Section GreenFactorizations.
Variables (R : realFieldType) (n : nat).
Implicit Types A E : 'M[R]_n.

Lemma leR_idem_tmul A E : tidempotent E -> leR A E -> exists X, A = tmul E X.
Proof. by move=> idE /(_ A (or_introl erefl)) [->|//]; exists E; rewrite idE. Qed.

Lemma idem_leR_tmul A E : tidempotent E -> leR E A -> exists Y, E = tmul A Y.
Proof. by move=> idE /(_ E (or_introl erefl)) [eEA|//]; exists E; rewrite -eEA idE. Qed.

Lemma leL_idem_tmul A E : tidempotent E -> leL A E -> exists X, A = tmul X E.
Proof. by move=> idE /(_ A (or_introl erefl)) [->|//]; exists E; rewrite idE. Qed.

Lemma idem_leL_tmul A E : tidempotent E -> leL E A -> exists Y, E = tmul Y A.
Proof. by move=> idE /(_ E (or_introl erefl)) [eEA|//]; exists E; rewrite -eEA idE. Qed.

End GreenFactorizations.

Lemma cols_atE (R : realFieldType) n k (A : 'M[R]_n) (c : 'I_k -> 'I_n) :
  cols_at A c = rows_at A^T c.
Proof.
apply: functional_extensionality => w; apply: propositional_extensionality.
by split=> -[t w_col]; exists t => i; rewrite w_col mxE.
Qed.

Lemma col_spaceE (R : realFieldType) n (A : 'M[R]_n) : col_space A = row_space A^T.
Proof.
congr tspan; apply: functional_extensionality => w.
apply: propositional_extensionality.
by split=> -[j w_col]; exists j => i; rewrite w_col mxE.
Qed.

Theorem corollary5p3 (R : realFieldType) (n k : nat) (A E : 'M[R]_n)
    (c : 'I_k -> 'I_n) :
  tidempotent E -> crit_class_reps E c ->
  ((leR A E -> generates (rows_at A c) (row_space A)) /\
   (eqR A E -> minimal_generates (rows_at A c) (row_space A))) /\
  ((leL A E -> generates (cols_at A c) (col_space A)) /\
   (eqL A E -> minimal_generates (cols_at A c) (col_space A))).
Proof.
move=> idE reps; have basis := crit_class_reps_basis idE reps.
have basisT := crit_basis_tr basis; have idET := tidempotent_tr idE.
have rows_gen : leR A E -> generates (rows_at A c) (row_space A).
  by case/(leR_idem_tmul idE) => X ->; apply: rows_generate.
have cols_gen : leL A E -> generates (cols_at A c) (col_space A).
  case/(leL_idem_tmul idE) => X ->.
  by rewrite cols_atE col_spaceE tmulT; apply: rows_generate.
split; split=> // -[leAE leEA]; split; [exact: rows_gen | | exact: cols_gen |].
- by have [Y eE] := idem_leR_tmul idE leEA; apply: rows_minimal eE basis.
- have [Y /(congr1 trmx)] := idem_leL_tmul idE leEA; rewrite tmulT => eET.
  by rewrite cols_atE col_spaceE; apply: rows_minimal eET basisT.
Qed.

## REQUIREMENT
Take the listing above and repeat exactly the lines from the one containing "by split=> -[j" through the one containing "move=> idE reps;", both included.

## EXPECTED OUTPUT
by split=> -[j w_col]; exists j => i; rewrite w_col mxE.
Qed.

Theorem corollary5p3 (R : realFieldType) (n k : nat) (A E : 'M[R]_n)
    (c : 'I_k -> 'I_n) :
  tidempotent E -> crit_class_reps E c ->
  ((leR A E -> generates (rows_at A c) (row_space A)) /\
   (eqR A E -> minimal_generates (rows_at A c) (row_space A))) /\
  ((leL A E -> generates (cols_at A c) (col_space A)) /\
   (eqL A E -> minimal_generates (cols_at A c) (col_space A))).
Proof.
move=> idE reps; have basis := crit_class_reps_basis idE reps.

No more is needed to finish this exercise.